### ENTRIES PROVIDED
:::
(* Consider a discounted Markov decision problem as described in the context, with discount factor $\gamma\in(0,1)$, and let $\rho\in\Delta(\mathcal{S})$. Let $\pi^{(0)}\in\Pi$ be arbitrary and consider the projected policy gradient method \[ \pi^{(k+1)}=\mathrm{proj}_{\Pi}\bigl(\pi^{(k)}-\eta_k\nabla V_\rho(\pi^{(k)})\bigr),\qquad k\ge 0, \] with constant step size $\eta_k=\frac{(1-\gamma)^3}{2\gamma|\mathcal{A}|}$ for all $k\ge0$ (i.e., the gradient is evaluated with the same distribution $\mu=\rho$ as the one used to measure performance). Then for all $k\ge1$, \[ V_\rho(\pi^{(k)})-V_\rho^\star\;\le\;\frac{128\,|\mathcal{S}|\,|\mathcal{A}|}{k\,(1-\gamma)^5}\left\|\frac{d_\rho(\pi^\star)}{\rho}\right\|_\infty^2 . \]
   Context: A discounted Markov decision problem (in cost-minimization form) consists of a finite state set $\mathcal{S}$, a finite action set $\mathcal{A}$, transition probabilities $P(s'|s,a)$, a cost function $R:\mathcal{S}\times\mathcal{A}\to[0,1]$ (written $R_{s,a}$), and a discount factor $\gamma$. The set of (stationary randomized) policies is $\Pi=\Delta(\mathcal{A})^{|\mathcal{S}|}$, i.e. $\pi=(\pi_s)_{s\in\mathcal{S}}$ with $\pi_s$ a probability vector on $\mathcal{A}$ and $\pi_{s,a}$ the probability of action $a$ at state $s$; $\Pi$ is regarded as a subset of $\mathbf{R}^{|\mathcal{S}|\times|\mathcal{A}|}$. For $\pi\in\Pi$, $V_s(\pi)=\mathbf{E}\bigl[\sum_{t\ge0}\gamma^tR(s_t,a_t)\mid s_0=s\bigr]$ where $a_t\sim\pi_{s_t}$ and $s_{t+1}\sim P(\cdot|s_t,a_t)$; for $\rho\in\Delta(\mathcal{S})$, $V_\rho(\pi)=\sum_s\rho_sV_s(\pi)$ and $V_\rho^\star=\min_{\pi\in\Pi}V_\rho(\pi)$. $\pi^\star\in\Pi$ denotes an optimal policy, i.e. one minimizing $V_s(\cdot)$ simultaneously for all $s$ (such a policy exists). The $Q$-function is $Q_{s,a}(\pi)=R_{s,a}+\gamma\sum_{s'}P(s'|s,a)V_{s'}(\pi)$. The discounted state-visitation distribution is $d_{s,s'}(\pi)=(1-\gamma)\sum_{t\ge0}\gamma^t\Pr^\pi(s_t=s'\mid s_0=s)$ and $d_{\rho,s'}(\pi)=\sum_s\rho_sd_{s,s'}(\pi)$, giving $d_\rho(\pi)\in\Delta(\mathcal{S})$. The policy gradient $\nabla V_\rho(\pi)\in\mathbf{R}^{|\mathcal{S}|\times|\mathcal{A}|}$ has entries $\frac{1}{1-\gamma}d_{\rho,s}(\pi)Q_{s,a}(\pi)$. For $p,q\in\Delta(\mathcal{S})$, $\|p/q\|_\infty=\max_s p_s/q_s$ with the convention $0/0=1$ (and $c/0=+\infty$ for $c>0$). $\mathrm{proj}_\Pi$ is Euclidean projection onto $\Pi$. *)

From HB Require Import structures.
From mathcomp Require Import all_boot all_order all_algebra.
From mathcomp Require Import all_classical all_reals all_analysis.
Set Implicit Arguments. Unset Strict Implicit. Unset Printing Implicit Defensive.
Import Order.TTheory GRing.Theory Num.Theory.
Local Open Scope ring_scope.
Local Open Scope classical_set_scope.

Section MDP.
Variables (R : realType) (S A : finType).

Definition is_dist (T : finType) (p : T -> R) : Prop :=
  (forall x, 0 <= p x) /\ \sum_(x : T) p x = 1.

Definition is_policy (pi : S -> A -> R) : Prop := forall s, is_dist (pi s).

Variables (P : S -> A -> S -> R) (Rc : S -> A -> R) (gamma : R).

Definition Ppi (pi : S -> A -> R) (s s' : S) : R := \sum_(a : A) pi s a * P s a s'.
Definition rpi (pi : S -> A -> R) (s : S) : R := \sum_(a : A) pi s a * Rc s a.

(* Pt pi t s s' = Pr^pi (s_t = s' | s_0 = s) *)
Fixpoint Pt (pi : S -> A -> R) (t : nat) (s s' : S) : R :=
  match t with
  | 0%N => (s == s')%:R
  | t'.+1 => \sum_(u : S) Pt pi t' s u * Ppi pi u s'
  end.

(* V_s(pi) = E[ sum_t gamma^t R(s_t,a_t) | s_0 = s ] *)
Definition Vs (pi : S -> A -> R) (s : S) : R :=
  limn (fun n => \sum_(0 <= t < n) gamma ^+ t * \sum_(s' : S) Pt pi t s s' * rpi pi s').

Definition Vrho (rho : S -> R) (pi : S -> A -> R) : R :=
  \sum_(s : S) rho s * Vs pi s.

Definition Vstar (rho : S -> R) : R :=
  inf [set Vrho rho pi | pi in [set pi | is_policy pi]].

Definition Qf (pi : S -> A -> R) (s : S) (a : A) : R :=
  Rc s a + gamma * \sum_(s' : S) P s a s' * Vs pi s'.

Definition dvis (pi : S -> A -> R) (s s' : S) : R :=
  (1 - gamma) * limn (fun n => \sum_(0 <= t < n) gamma ^+ t * Pt pi t s s').

Definition drho (rho : S -> R) (pi : S -> A -> R) (s' : S) : R :=
  \sum_(s : S) rho s * dvis pi s s'.

Definition gradV (rho : S -> R) (pi : S -> A -> R) (s : S) (a : A) : R :=
  (1 - gamma)^-1 * drho rho pi s * Qf pi s a.

Definition is_optimal (pistar : S -> A -> R) : Prop :=
  is_policy pistar /\
  forall pi, is_policy pi -> forall s, Vs pistar s <= Vs pi s.

End MDP.

Definition sqdist (R : realType) (S A : finType) (x y : S -> A -> R) : R :=
  \sum_(s : S) \sum_(a : A) (x s a - y s a) ^+ 2.

Definition is_proj_Pi (R : realType) (S A : finType) (x p : S -> A -> R) : Prop :=
  is_policy p /\ forall q, is_policy q -> sqdist x p <= sqdist x q.

(* || p / q ||_infty with conventions 0/0 = 1 and c/0 = +oo (c > 0) *)
Definition ratio_inf (R : realType) (S : finType) (p q : S -> R) : \bar R :=
  \big[Order.max/-oo%E]_(s : S)
    (if q s == 0 then (if p s == 0 then 1%E else +oo%E) else (p s / q s)%:E).

From HB Require Import structures.
From mathcomp Require Import all_boot all_order all_algebra.
From mathcomp Require Import all_classical all_reals all_analysis.
From mathcomp Require Import ring lra.
Import Order.TTheory GRing.Theory Num.Theory.
Import numFieldNormedType.Exports.
Local Open Scope classical_set_scope.
Local Open Scope ring_scope.

(* V_rho is smooth on the product of simplices and satisfies a gradient
   domination inequality, so projected gradient descent converges at rate 1/k.
   Writing M_pi = (I - gamma P_pi)^-1 for the resolvent, the performance
   difference lemma gives V(pi') - V(pi) in terms of M_pi' and the advantages
   of pi, and the second resolvent identity M_pi' - M_pi = gamma M_pi' (P_pi' -
   P_pi) M_pi bounds the second-order remainder by gamma |A| / (1-gamma)^3
   |pi' - pi|^2.  Comparing pistar with the greedy policy for Q_pi bounds the
   gap delta = V(pi) - V(pistar) by (M / (1-gamma)) times the slope of V towards
   the greedy policy, M = ||d_rho(pistar) / rho||_inf.  Testing the projection
   step against the step of length alpha towards the greedy policy gives
   delta' <= delta - alpha (1-gamma) / M delta + 2 gamma |A| |S| / (1-gamma)^3
   alpha^2 for every alpha in [0, 1]; the best alpha gives
   delta' <= delta - b delta^2, and such a sequence satisfies delta_k <= 1/(b k). *)

Section RealInequalities.
Context {R : realFieldType}.

Lemma norm_sum_mul_le {I : finType} (x f : I -> R) (C : R) :
  (forall i, `|f i| <= C) -> `|\sum_i x i * f i| <= (\sum_i `|x i|) * C.
Proof.
move=> fC; apply: le_trans (ler_norm_sum _ _ _) _.
by rewrite mulr_suml; apply: ler_sum => i _; rewrite normrM ler_wpM2l.
Qed.

Lemma sqr_sum_norm_le {I : finType} (y : I -> R) :
  (\sum_i `|y i|) ^+ 2 <= #|I|%:R * \sum_i y i ^+ 2.
Proof.
have [/card0_eq I0|I_gt0] := posnP #|I|.
  by rewrite !big1 ?expr0n ?mulr0 // => i; have := I0 i; rewrite !inE.
set n : R := #|I|%:R; set z := fun i => `|y i|; set Sz := \sum_i z i.
have n_gt0 : 0 < n by rewrite ltr0n.
have E : \sum_i (n * z i - Sz) ^+ 2 = n * (n * \sum_i z i ^+ 2 - Sz ^+ 2).
  transitivity (\sum_i (n ^+ 2 * z i ^+ 2 - (2 * n * Sz) * z i + Sz ^+ 2)).
    by apply: eq_bigr => i _; ring.
  rewrite big_split sumrB /= -!mulr_sumr sumr_const -mulr_natr -/n -/Sz; ring.
have -> : \sum_i y i ^+ 2 = \sum_i z i ^+ 2.
  by apply: eq_bigr => i _; rewrite /z real_normK ?num_real.
rewrite -subr_ge0 -(pmulr_rge0 _ n_gt0) -E.
by apply: sumr_ge0 => i _; exact: sqr_ge0.
Qed.
Lemma hderiv_sat A : hderiv L A -> forall t, wf t -> sat A t.
Proof.
elim=> {A}.
- by move=> A hA t _; rewrite -peval_sat.
- move=> G a b t _; rewrite !sat_Imp.
  apply/implyP => /sat_DboxP [hab hab']; apply/implyP => /sat_DboxP [ha ha'].
  apply/sat_DboxP; split=> [hs | c hc hs].
    by move: (hab hs); rewrite sat_Imp => /implyP; apply; apply: ha.
  by move: (hab' c hc hs); rewrite sat_Imp => /implyP; apply; apply: ha'.
- move=> G H a sGH t _; rewrite sat_Imp; apply/implyP => /sat_DboxP [ha ha'].
  apply/sat_DboxP; split=> [hs | c hc hs]; first exact/ha/(subset_trans sGH).
  exact/(ha' c hc)/(subset_trans sGH).
- by move=> a b _ IHab _ IHa t wt; move: (IHab t wt); rewrite sat_Imp => /implyP; apply; apply: IHa.
- move=> G a _ IHa t wt; apply/sat_DboxP; split=> [_ | c hc _]; first exact: IHa.
  exact/IHa/(wf_child wt).
- move=> G x HL HG t [v refl lab ch]; rewrite /frame_cond HL => /(_ x) hx _.
  rewrite sat_Neg; apply/negP => /sat_DboxP [hroot hch]; rewrite HG in hroot hch.
  case: hx => [hx | [c hc hxc]].
    by have := hroot; rewrite sub1set hx => /(_ isT).
  by have := hch c hc; rewrite sub1set hxc => /(_ isT).
- move=> G a HL t [v refl lab ch]; rewrite /frame_cond HL => -> _.
  by rewrite sat_Imp; apply/implyP => /sat_DboxP [+ _]; apply; rewrite subsetT.
Qed.
(* Let $G$ be any game state and let $P$ be a game path starting at $G$ which does not follow the Split-First Strategy. Then either there exists a game path starting at $G$ that is strictly longer than $P$, or there exists a game path starting at $G$ that follows the Split-First Strategy and has the same length as $P$.
   Context: Fibonacci numbers are indexed by $F_1=1$, $F_2=2$, $F_{i+1}=F_i+F_{i-1}$. A game state is a finite multiset of Fibonacci numbers (tracked by index). The legal moves are: $C_1$: replace $F_1,F_1$ by $F_2$; for $i\ge 2$, $C_i$: replace $F_{i-1},F_i$ by $F_{i+1}$ (a ''combining move''); $S_2$: replace $F_2,F_2$ by $F_1,F_3$; for $i\ge 3$, $S_i$: replace $F_i,F_i$ by $F_{i-2},F_{i+1}$ (a ''splitting move''). Here $C_1$ is grouped with the splitting moves, and ''combining move'' means $C_i$ with $i\ge 2$. Every sequence of legal moves is finite. A game path from a state $G$ is a sequence of legal moves starting at $G$ and continuing until no legal move is available; its length is its number of moves. A game path follows the Split-First Strategy if at each state along it: whenever some splitting move or $C_1$ is available, the move taken is one of those (any choice); otherwise the move taken is the combining move $C_i$ ($i\ge 2$) with the smallest index $i$ among those available. *)

From Stdlib Require Import Arith List Lia.
Import ListNotations.

(* A game state: a finite multiset of Fibonacci numbers, tracked by index.
   [G i] is the multiplicity of F_i (indices start at 1; index 0 unused). *)
Definition state := nat -> nat.

Definition is_state (G : state) : Prop :=
  G 0 = 0 /\ exists N, forall i, N <= i -> G i = 0.

Inductive move := Comb (i : nat) | Split (i : nat).

Definition addc (a : nat) (k : nat) (G : state) : state :=
  fun j => if Nat.eqb j a then G j + k else G j.
Definition subc (a : nat) (k : nat) (G : state) : state :=
  fun j => if Nat.eqb j a then G j - k else G j.

Definition legal (m : move) (G : state) : Prop :=
  match m with
  | Comb i => (i = 1 /\ 2 <= G 1) \/ (2 <= i /\ 1 <= G (i - 1) /\ 1 <= G i)
  | Split i => 2 <= i /\ 2 <= G i
  end.

(* the state after applying move m (meaningful when m is legal) *)
Definition next (m : move) (G : state) : state :=
  match m with
  | Comb i =>
      if Nat.eqb i 1 then addc 2 1 (subc 1 2 G)
      else addc (i + 1) 1 (subc i 1 (subc (i - 1) 1 G))
  | Split i =>
      if Nat.eqb i 2 then addc 3 1 (addc 1 1 (subc 2 2 G))
      else addc (i + 1) 1 (addc (i - 2) 1 (subc i 2 G))
  end.

Fixpoint final (G : state) (ms : list move) : state :=
  match ms with
  | [] => G
  | m :: ms' => final (next m G) ms'
  end.

Fixpoint legal_seq (G : state) (ms : list move) : Prop :=
  match ms with
  | [] => True
  | m :: ms' => legal m G /\ legal_seq (next m G) ms'
  end.

Definition game_path (G : state) (ms : list move) : Prop :=
  legal_seq G ms /\ forall m, ~ legal m (final G ms).

Definition split_class (m : move) : Prop :=
  match m with
  | Comb i => i = 1
  | Split _ => True
  end.

Definition sf_choice (G : state) (m : move) : Prop :=
  ((exists m', split_class m' /\ legal m' G) -> split_class m) /\
  (~ (exists m', split_class m' /\ legal m' G) ->
     exists i, m = Comb i /\ 2 <= i /\
       forall j, 2 <= j -> legal (Comb j) G -> i <= j).

Fixpoint follows_sf (G : state) (ms : list move) : Prop :=
  match ms with
  | [] => True
  | m :: ms' => sf_choice G m /\ follows_sf (next m G) ms'
  end.

(* If some game path from G is longer than P we are done; otherwise P is a
   longest path from G, and we show that among longest paths there is one
   following the Split-First Strategy.  This rests on two exchange arguments,
   each saying that a particular first move loses nothing:

   - a legal splitting move (or C_1) can always be played first: against any
     other first move m it either commutes, or m can be simulated by a
     sequence of at least one move starting with it ([split_first_no_loss]);
   - when no splitting move is available, the combining move C_i of least
     index can be played first ([min_comb_first_no_loss]).  Along any path the
     state keeps a rigid shape ([comb_inv]): C_i stays the least combining
     move, and at most one isolated part of multiplicity 2 appears, far above i.

   Moves are analysed through their net effect on multiplicities
   ([consumed]/[produced]): two legal move sequences with the same net effect
   end in the same state, which gives commutation and all simulations. *)

From Stdlib Require Import Arith List Lia Classical FunctionalExtensionality Wf_nat.
Import ListNotations.

Definition consumed (m : move) (j : nat) : nat :=
  match m with
  | Comb i => if Nat.eqb i 1 then (if Nat.eqb j 1 then 2 else 0)
              else (if Nat.eqb j (i - 1) then 1 else 0) + (if Nat.eqb j i then 1 else 0)
  | Split i => if Nat.eqb j i then 2 else 0
  end.

Definition produced (m : move) (j : nat) : nat :=
  match m with
  | Comb i => if Nat.eqb i 1 then (if Nat.eqb j 2 then 1 else 0)
              else (if Nat.eqb j (i + 1) then 1 else 0)
  | Split i => if Nat.eqb i 2 then (if Nat.eqb j 1 then 1 else 0) + (if Nat.eqb j 3 then 1 else 0)
               else (if Nat.eqb j (i - 2) then 1 else 0) + (if Nat.eqb j (i + 1) then 1 else 0)
  end.

Ltac decide_indices :=
  repeat (match goal with
          | |- context [Nat.eqb ?a ?b] =>
              first [ rewrite (proj2 (Nat.eqb_neq a b)) by lia
                    | rewrite (proj2 (Nat.eqb_eq a b)) by lia
                    | destruct (Nat.eqb_spec a b) ]
          end; cbv beta iota); try subst.

Lemma next_balance m X j :
  legal m X -> next m X j + consumed m j = X j + produced m j.
Proof.
  destruct m as [i|i]; simpl; intros H; unfold addc, subc, consumed, produced;
    decide_indices; lia.
Qed.

Lemma next_value m X j : legal m X -> next m X j = X j + produced m j - consumed m j.
Proof. intros H; pose proof (next_balance m X j H); lia. Qed.

(* [lia] treats [X a] and [X b] as unrelated atoms even when [a = b] is provable;
   record such identifications as equations before calling it. *)
Ltac link_pair f a b :=
  lazymatch type of f with state =>
    tryif constr_eq a b then fail else
    lazymatch goal with
    | _ : f a = f b |- _ => fail
    | _ : f b = f a |- _ => fail
    | _ => assert (f a = f b) by (f_equal; lia)
    end
  end.

Ltac link_indices :=
  repeat match goal with
  | |- context [?f ?a] => match goal with
                          | |- context [f ?b] => link_pair f a b
                          | _ : context [f ?b] |- _ => link_pair f a b
                          end
  | _ : context [?f ?a] |- _ => match goal with
                                | _ : context [f ?b] |- _ => link_pair f a b
                                end
  end.

Ltac state_lia :=
  repeat match goal with
  | H : legal ?m ?Y |- context [next ?m ?Y ?j] => rewrite (next_value m Y j H)
  end;
  unfold produced, consumed; decide_indices; cbn [legal] in *; link_indices; lia.

Fixpoint consumed_seq (ms : list move) (j : nat) : nat :=
  match ms with [] => 0 | m :: ms' => consumed m j + consumed_seq ms' j end.
Fixpoint produced_seq (ms : list move) (j : nat) : nat :=
  match ms with [] => 0 | m :: ms' => produced m j + produced_seq ms' j end.

Lemma final_balance X ms j :
  legal_seq X ms -> final X ms j + consumed_seq ms j = X j + produced_seq ms j.
Proof.
  revert X; induction ms as [|m ms IH]; intros X Hms; simpl in *; [lia|].
  destruct Hms as [Hm Hms].
  pose proof (IH _ Hms); pose proof (next_balance m X j Hm); lia.
Qed.

Lemma final_eq_of_balance X ms1 ms2 :
  legal_seq X ms1 -> legal_seq X ms2 ->
  (forall j, produced_seq ms1 j + consumed_seq ms2 j = produced_seq ms2 j + consumed_seq ms1 j) ->
  final X ms1 = final X ms2.
Proof.
  intros H1 H2 Hbal; apply functional_extensionality; intro j.
  pose proof (final_balance X ms1 j H1); pose proof (final_balance X ms2 j H2);
    pose proof (Hbal j); lia.
Qed.

Lemma next_comm m1 m2 X :
  legal m1 X -> legal m2 (next m1 X) -> legal m2 X -> legal m1 (next m2 X) ->
  next m2 (next m1 X) = next m1 (next m2 X).
Proof.
  intros H1 H2 H3 H4.
  apply (final_eq_of_balance X [m1; m2] [m2; m1]); simpl; auto; intro j; lia.
Qed.

Lemma game_path_cons X m Q : game_path X (m :: Q) <-> legal m X /\ game_path (next m X) Q.
Proof. unfold game_path; simpl; tauto. Qed.

Lemma game_path_nil X m : game_path X [] -> ~ legal m X.
Proof. intros [_ H]; exact (H m). Qed.

Lemma game_path_app X ms P :
  legal_seq X ms -> game_path (final X ms) P -> game_path X (ms ++ P).
Proof.
  revert X; induction ms as [|m ms IH]; intros X Hms HP; simpl in *; [exact HP|].
  apply game_path_cons; split; [|apply IH]; tauto.
Qed.

Definition commute_at (X : state) (s m : move) : Prop :=
  legal s (next m X) /\ legal m (next s X).

Definition simulates (X : state) (s m : move) : Prop :=
  exists ms, legal_seq X (s :: ms) /\ final X (s :: ms) = next m X.

Lemma extend_by_commutation X s m Q :
  legal s X -> legal m X -> commute_at X s m ->
  game_path (next m X) (s :: Q) -> game_path X (s :: m :: Q).
Proof.
  intros Hs Hm [Hsm Hms] HQ; apply game_path_cons in HQ as [_ HQ].
  apply game_path_cons; split; [exact Hs|]; apply game_path_cons; split; [exact Hms|].
  rewrite (next_comm s m X Hs Hms Hm Hsm); exact HQ.
Qed.

Lemma extend_by_simulation X s m P :
  simulates X s m -> game_path (next m X) P ->
  exists Q, game_path X (s :: Q) /\ length P <= length Q.
Proof.
  intros [ms [Hms Hfin]] HP; exists (ms ++ P); split.
  - apply (game_path_app X (s :: ms) P Hms); rewrite Hfin; exact HP.
  - rewrite length_app; lia.
Qed.

Lemma legal_comb1 Y : 2 <= Y 1 -> legal (Comb 1) Y.
Proof. simpl; lia. Qed.
Lemma legal_comb j Y : 2 <= j -> 1 <= Y (j - 1) -> 1 <= Y j -> legal (Comb j) Y.
Proof. simpl; lia. Qed.
Lemma legal_split a Y : 2 <= a -> 2 <= Y a -> legal (Split a) Y.
Proof. simpl; lia. Qed.

Ltac prove_legal :=
  match goal with
  | |- legal (Comb 1) _ => apply legal_comb1
  | |- legal (Comb _) _ => apply legal_comb; [cbn [legal] in *; lia | |]
  | |- legal (Split _) _ => apply legal_split; [cbn [legal] in *; lia |]
  end; state_lia.

(* Each legality proof is kept as a hypothesis for the later moves. *)
Lemma legal_seq_cons X m ms :
  legal m X -> (legal m X -> legal_seq (next m X) ms) -> legal_seq X (m :: ms).
Proof. simpl; auto. Qed.

Ltac prove_legal_seq :=
  lazymatch goal with
  | |- legal_seq _ [] => exact I
  | |- legal_seq _ (_ :: _) =>
      apply legal_seq_cons; [first [assumption | prove_legal] | intro; prove_legal_seq]
  end.
(* If $G$ is a connected graph, then $F_c(G)\ge b(G)+1$, and this bound is sharp.
   Context: Forcing process: given a set of initially colored vertices, at each step a colored vertex with exactly one non-colored neighbor forces (colors) that neighbor. A set $S\subseteq V(G)$ is a forcing set if iterating this process from $S$ eventually colors all vertices; it is a connected forcing set if moreover the induced subgraph $G[S]$ is connected. $F_c(G)$ is the minimum cardinality of a connected forcing set of $G$. A block of $G$ is a maximal connected subgraph with no cut vertex of its own; every block of order at least $2$ is either $2$-connected or isomorphic to $K_2$. $b(G)$ denotes the number of $2$-connected blocks of $G$ (blocks of order at least $2$ not isomorphic to $K_2$). Graphs are assumed to have no isolated vertices. *)

From mathcomp Require Import all_boot.
Set Implicit Arguments. Unset Strict Implicit. Unset Printing Implicit Defensive.

Section Graphs.
Variables (T : finType) (e : rel T).

Definition simple_graph : Prop := symmetric e /\ irreflexive e.
Definition graph_connected : Prop := forall x y : T, connect e x y.
Definition no_isolated : Prop := forall x : T, exists y, e x y.

Definition force_step (A : {set T}) : {set T} :=
  A :|: [set y | [exists x, [&& x \in A, e x y &
                   [forall z, (e x z && (z != y)) ==> (z \in A)]]]].

(* the final colored set: the process stabilises after at most #|T| rounds *)
Definition force_closure (S : {set T}) : {set T} := iter #|T| force_step S.

Definition forcing_set (S : {set T}) : bool := force_closure S == [set: T].

Definition induced_connected (S : {set T}) : bool :=
  [forall x in S, forall y in S,
     connect [rel u v | [&& e u v, u \in S & v \in S]] x y].

Definition connected_forcing_set (S : {set T}) : bool :=
  forcing_set S && induced_connected S.

Definition Fc : nat :=
  \big[minn/#|T|]_(S : {set T} | connected_forcing_set S) #|S|.

Definition no_cut_vertex (B : {set T}) : bool :=
  induced_connected B && [forall v in B, induced_connected (B :\ v)].

Definition is_block (B : {set T}) : bool := maxset no_cut_vertex B.

(* b(G): number of 2-connected blocks, i.e. blocks of order >= 3
   (order-2 blocks are K_2) *)
Definition b2 : nat := #|[set B : {set T} | is_block B & 3 <= #|B|]|.

End Graphs.

(* A 2-connected block B has no ear: no path avoiding B joins two distinct
   vertices of B, since B together with such a path would be a larger vertex set
   without cut vertex.  Consequently, if a connected colored set meets B in at
   most one vertex, a forcing step keeps it that way (a second colored vertex of
   B would close an ear through the colored set), so a connected forcing set S
   meets every 2-connected block at least twice.  On the other hand, growing S
   one vertex at a time along its connected induced subgraph, each new vertex
   makes at most one more block met twice (two of them would again give an ear),
   so fewer than |S| blocks are met twice.  Hence b(G) < |S|.  A chain of k
   triangles shows the bound is attained. *)

From mathcomp Require Import all_boot zify.
Set Implicit Arguments. Unset Strict Implicit. Unset Printing Implicit Defensive.

Section SimpleGraph.
Variables (T : finType) (e : rel T).
Hypotheses (e_sym : symmetric e) (e_irr : irreflexive e).
Implicit Types (A B P S X : {set T}) (p s : seq T).

(** * Induced connectivity *)

Definition induced_rel S := [rel u v | [&& e u v, u \in S & v \in S]].

Lemma induced_rel_sym S : symmetric (induced_rel S).
Proof.
by move=> x y /=; rewrite e_sym; case: (x \in S); case: (y \in S); rewrite ?andbF.
Qed.

Lemma connect_induced_sym S x y :
  connect (induced_rel S) x y = connect (induced_rel S) y x.
Proof. exact/sym_connect_sym/induced_rel_sym. Qed.

Lemma connect_induced_sub S S' x y :
  S \subset S' -> connect (induced_rel S) x y -> connect (induced_rel S') x y.
Proof.
move=> /subsetP sSS'; apply: connect_sub => u v /= /and3P[euv uS vS].
by apply: connect1; rewrite /= euv !sSS'.
Qed.

Lemma induced_connectedP S :
  reflect {in S &, forall x y, connect (induced_rel S) x y} (induced_connected e S).
Proof.
apply: (iffP forallP) => [hS x y xS yS | hS x].
  by move/implyP/(_ xS)/forallP/(_ y)/implyP/(_ yS): (hS x).
by apply/implyP => xS; apply/forallP => y; apply/implyP; apply: hS.
Qed.

Lemma induced_connected_root S a :
  a \in S -> {in S, forall x, connect (induced_rel S) x a} -> induced_connected e S.
Proof.
move=> aS toa; apply/induced_connectedP => x y xS yS.
by apply: connect_trans (toa x xS) _; rewrite connect_induced_sym toa.
Qed.

Lemma induced_connectedU A B a b :
  induced_connected e A -> induced_connected e B -> a \in A -> b \in B ->
  (a == b) || e a b -> induced_connected e (A :|: B).
Proof.
move=> /induced_connectedP hA /induced_connectedP hB aA bB ab.
have aAB : a \in A :|: B by rewrite inE aA.
have bAB : b \in A :|: B by rewrite inE bB orbT.
apply: (induced_connected_root aAB) => x; rewrite inE => /orP[xA | xB].
  exact: connect_induced_sub (subsetUl A B) (hA x a xA aA).
apply: connect_trans (connect_induced_sub (subsetUr A B) (hB x b xB bB)) _.
case/orP: ab => [/eqP-> | eab]; first exact: connect0.
by rewrite connect_induced_sym; apply: connect1; rewrite /= eab aAB bAB.
Qed.

Lemma induced_connected1 x : induced_connected e [set x].
Proof. by apply/induced_connectedP => u v /set1P-> /set1P->; apply: connect0. Qed.

Lemma induced_connected_path x p : path e x p -> induced_connected e [set:: x :: p].
Proof.
elim: p x => [|y p IHp] x /=; first by rewrite set_seq1 induced_connected1.
case/andP=> exy /IHp hyp; rewrite set_cons.
by apply: (induced_connectedU (induced_connected1 x) hyp (set11 x) (b := y));
  rewrite ?inE ?eqxx ?exy ?orbT.
Qed.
:::
### WHAT YOU NEED TO DO
Both the line containing "rewrite -subr_ge0 -(pmulr_rge0 _ n_gt0) -E." and the line containing "- move=> G x" belong in the answer. Print them and every line above that falls between them exactly, and no others.

### TASK OUTPUT
rewrite -subr_ge0 -(pmulr_rge0 _ n_gt0) -E.
by apply: sumr_ge0 => i _; exact: sqr_ge0.
Qed.
Lemma hderiv_sat A : hderiv L A -> forall t, wf t -> sat A t.
Proof.
elim=> {A}.
- by move=> A hA t _; rewrite -peval_sat.
- move=> G a b t _; rewrite !sat_Imp.
  apply/implyP => /sat_DboxP [hab hab']; apply/implyP => /sat_DboxP [ha ha'].
  apply/sat_DboxP; split=> [hs | c hc hs].
    by move: (hab hs); rewrite sat_Imp => /implyP; apply; apply: ha.
  by move: (hab' c hc hs); rewrite sat_Imp => /implyP; apply; apply: ha'.
- move=> G H a sGH t _; rewrite sat_Imp; apply/implyP => /sat_DboxP [ha ha'].
  apply/sat_DboxP; split=> [hs | c hc hs]; first exact/ha/(subset_trans sGH).
  exact/(ha' c hc)/(subset_trans sGH).
- by move=> a b _ IHab _ IHa t wt; move: (IHab t wt); rewrite sat_Imp => /implyP; apply; apply: IHa.
- move=> G a _ IHa t wt; apply/sat_DboxP; split=> [_ | c hc _]; first exact: IHa.
  exact/IHa/(wf_child wt).
- move=> G x HL HG t [v refl lab ch]; rewrite /frame_cond HL => /(_ x) hx _.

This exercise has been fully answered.